I’m not a parenting expert. I’m a creativity expert. I am a parent, however, and I used creativity tools in mothering my own child. As she grew up, she reflected back to me my belief that there are few things more inherent—or precious—in children than their creativity. Creativity is a spiritual undertaking. Parenting is also a spiritual undertaking. We are entrusted with the care of our children’s souls as well as their bodies.
And so, a toolkit: For children, healthy guidance and encouragement of their creative gifts. For parents, companionship, structure, support. Every child—and every parent—is creative.

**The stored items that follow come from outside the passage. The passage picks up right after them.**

Lemma ratio_seq_gt1 n : (0 < n)%N -> 1 < ratio_seq r n.
Proof. by move=> n0; rewrite ratio_seq_gt // mul1r ltr_nat. Qed.

Section GeometricGrowth.
Variables (mu : Rdefinitions.R) (N0 : nat).
Hypothesis mu_gt1 : 1 < mu.
Hypothesis enumR_geometric : forall n, (N0 <= n)%N -> mu * rR r n <= rR r n.+1.

Lemma enumR_linear_growth n d : (N0 <= n)%N ->
  (1 + d%:R * (mu - 1)) * rR r n <= rR r (n + d)%N.
Proof.
move=> n_ge; elim: d => [|d IH]; first by rewrite ?addn0 mul0r addr0 mul1r.
have step : mu * rR r (n + d)%N <= rR r (n + d).+1.
  by apply: enumR_geometric; apply: leq_trans n_ge (leq_addr _ _).
rewrite addnS -natr1; apply: le_trans step.
have := ler_wpM2l (ltW (lt_trans ltr01 mu_gt1)) IH.
have : 0 <= d%:R * (mu - 1) ^+ 2 * rR r n.
  by apply: mulr_ge0 => //; apply: mulr_ge0 => //; exact: sqr_ge0.
nra.
Qed.

Lemma enumR_shift_dominates c : 0 < c ->
  exists D : nat, forall n d, (D <= d)%N -> rR r n < c * rR r (n + d)%N.
Proof.
move=> c0; set M := maxn N0 1.
have cmu0 : 0 < c * (mu - 1) by rewrite mulr_gt0 // subr_gt0.
set K := rR r M / c + (c * (mu - 1))^-1.
have xM0 : 0 <= rR r M / c by rewrite divr_ge0 // ltW.
have K0 : 0 <= K by rewrite addr_ge0 // invr_ge0 ltW.
(* Linear growth handles n >= M; for n < M, r_n <= r_M < c d <= c r_(n+d). *)
exists (Num.Def.archi_bound K) => n d d_ge.
have dK : K < d%:R.
  by apply: lt_le_trans (archi_boundP K0) _; rewrite ler_nat.
have d_large : 1 < d%:R * (c * (mu - 1)).
  rewrite -ltr_pdivrMr // div1r; have : 0 <= (c * (mu - 1))^-1 by rewrite invr_ge0 ltW.
  rewrite /K in dK; lra.
have xM_lt : rR r M < d%:R * c.
  rewrite -ltr_pdivrMr //; have : 0 < (c * (mu - 1))^-1 by rewrite invr_gt0.
  rewrite /K in dK; lra.
have d_le : d%:R <= rR r (n + d)%N.
  by rewrite ler_nat (leq_trans (enum_geq_index d)) ?enum_homo ?leq_addl.
have [M_le|n_lt] := leqP M n.
- have := enumR_linear_growth d (leq_trans (leq_maxl _ _) M_le).
  have := enumR_gt0 (leq_trans (leq_maxr _ _) M_le); nra.
- have : rR r n <= rR r M by apply: ler_enumR; apply: ltnW.
  nra.
Qed.

End GeometricGrowth.
End IncreasingEnumeration.

Lemma op_at_opp (a : seq int) r n : op_at (map -%R a) r n = - op_at a r n.
Proof.
rewrite /op_at size_map -sumrN; apply: eq_bigr => i _.
by rewrite (nth_map 0) // mulNr.
Qed.

Lemma op_at_pair (u v : int) r n :
  op_at [:: u; v] r n = u * (r n)%:Z + v * (r n.+1)%:Z.
Proof. by rewrite /op_at !big_ord_recr big_ord0 /= add0r addn0 addn1. Qed.

Definition poly_op (r : nat -> nat) (p : {poly rat}) (n : nat) : rat :=
  \sum_(i < size p) p`_i * (r (n + i)%N)%:R.

Definition op_poly (a : seq int) : {poly rat} := \poly_(i < size a) (a`_i)%:~R.

Section PolyOperator.
Variable r : nat -> nat.

Lemma poly_op_wide (p : {poly rat}) n k : (size p <= k)%N ->
  poly_op r p n = \sum_(i < k) p`_i * (r (n + i)%N)%:R.
Proof.
move=> pk; rewrite -(subnKC pk) big_split_ord /= [X in _ + X]big1 ?addr0 //.
by move=> i _; rewrite nth_default ?mul0r ?leq_addr.
Qed.

Lemma poly_opD p q n : poly_op r (p + q) n = poly_op r p n + poly_op r q n.
Proof.
have le_pq := leq_addr (size q) (size p); have le_qp := leq_addl (size p) (size q).
rewrite !(@poly_op_wide _ _ (size p + size q)) //; last first.
  by apply: leq_trans (size_polyD _ _) _; rewrite geq_max le_pq le_qp.
by rewrite -big_split; apply: eq_bigr => i _; rewrite coefD mulrDl.
Qed.

Lemma poly_opZ c p n : poly_op r (c *: p) n = c * poly_op r p n.
Proof.
rewrite (@poly_op_wide _ _ (size p)) ?size_scale_leq // mulr_sumr.
by apply: eq_bigr => i _; rewrite coefZ mulrA.
Qed.

Lemma poly_opMX p n : poly_op r (p * 'X) n = poly_op r p n.+1.
Proof.
have size_pX : (size (p * 'X)%R <= (size p).+1)%N.
  by have [->|p0] := eqVneq p 0; rewrite ?mul0r ?size_poly0 // size_mulX.
rewrite (poly_op_wide _ size_pX) big_ord_recl coefMX /= mul0r add0r.
by apply: eq_bigr => i _; rewrite coefMX /= addnS addSn.
Qed.

Lemma poly_op_mull_eq0 f q : (forall n, poly_op r f n = 0) ->
  forall n, poly_op r (q * f) n = 0.
Proof.
move=> f0; elim/poly_ind: q => [|q c IH] n.
  by rewrite mul0r /poly_op size_poly0 big_ord0.
by rewrite mulrDl mulrAC poly_opD poly_opMX IH mul_polyC poly_opZ f0 mulr0 addr0.
Qed.

Lemma op_at_poly (a : seq int) n : (op_at a r n)%:~R = poly_op r (op_poly a) n.
Proof.
rewrite /op_at rmorph_sum (@poly_op_wide _ _ (size a)) ?size_poly //=.
by apply: eq_bigr => i _; rewrite coef_poly ltn_ord intrM -pmulrn.
Qed.

Lemma op_at_ratr (a : seq int) n :
  (op_at a r n)%:~R = ratr (poly_op r (op_poly a) n) :> Rdefinitions.R.
Proof. by rewrite -op_at_poly ratr_int. Qed.

Lemma ratr_poly_op p n :
  ratr (poly_op r p n) = \sum_(i < size p) ratr p`_i * rR r (n + i)%N.
Proof. by rewrite rmorph_sum; apply: eq_bigr => i _; rewrite rmorphM rmorph_nat. Qed.

End PolyOperator.

Lemma op_poly_opp (a : seq int) : op_poly (map -%R a) = - op_poly a.
Proof.
by apply/polyP => i; rewrite coefN !coef_poly size_map; case: ltnP => // i_lt;
  rewrite (nth_map 0) // intrN.
Qed.

Lemma op_poly_scale (p : {poly rat}) :
  exists (a : seq int) (c : rat), c != 0 /\ p = c *: op_poly a.
Proof.
have [q [al al0 ->]] := rat_poly_scale p.
exists q, al%:~R^-1; split; first by rewrite invr_eq0 intr_eq0.
by congr (_ *: _); apply/polyP => i; rewrite coef_map coef_poly.
Qed.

It is never too early—or too late—to nurture children’s creativity. Parenting is a great adventure. The early years of parenting can be one of the most inspiring chapters of your life, opening you to love and growth you may not have yet experienced. Using these years to tap into your own creativity as well as your child’s, you will love and grow together. Awakening your child’s sense of curiosity and wonder helps you reawaken your own. Reawakening your own sense of curiosity and wonder helps you awaken your child’s. Exercising creativity, alone and together, strengthens the bond between parent and child. Funded by optimism, your child is guided to an expansive and adventurous life.
Julia is the author of more than 30 books including bestselling works on the creative process The Artist’s Way. Her latest book is The Artist’s Way for Parents, written with Emma Lively (£14.99 Hay House).
THE THREE BASIC TOOLS
1 Morning Pages—three pages of longhand daily writing that the parent does alone
The bedrock tool of a creative recovery—or discovery—is something I call Morning Pages. Done first thing, they siphon off negativity as they provoke, clarify, comfort, cajole, prioritize, and synchronize the day at hand. Sometimes parents feel that they have lost their right to privacy, but this does not have to be the case. Morning Pages are for your eyes only. They are a safe place to vent, muse, strategize, and dream. There is no wrong way to do Morning Pages. Just write longhand for three pages, about anything, and then stop. Do not share your Morning Pages with anyone. Morning Pages are a portable, private support kit for the parent. Parenting is an emotional experience, and you are allowed to have all of the feelings you are experiencing. Morning Pages are a safe place for you to process these feelings, ultimately making you able to be more present in your day—and with your child.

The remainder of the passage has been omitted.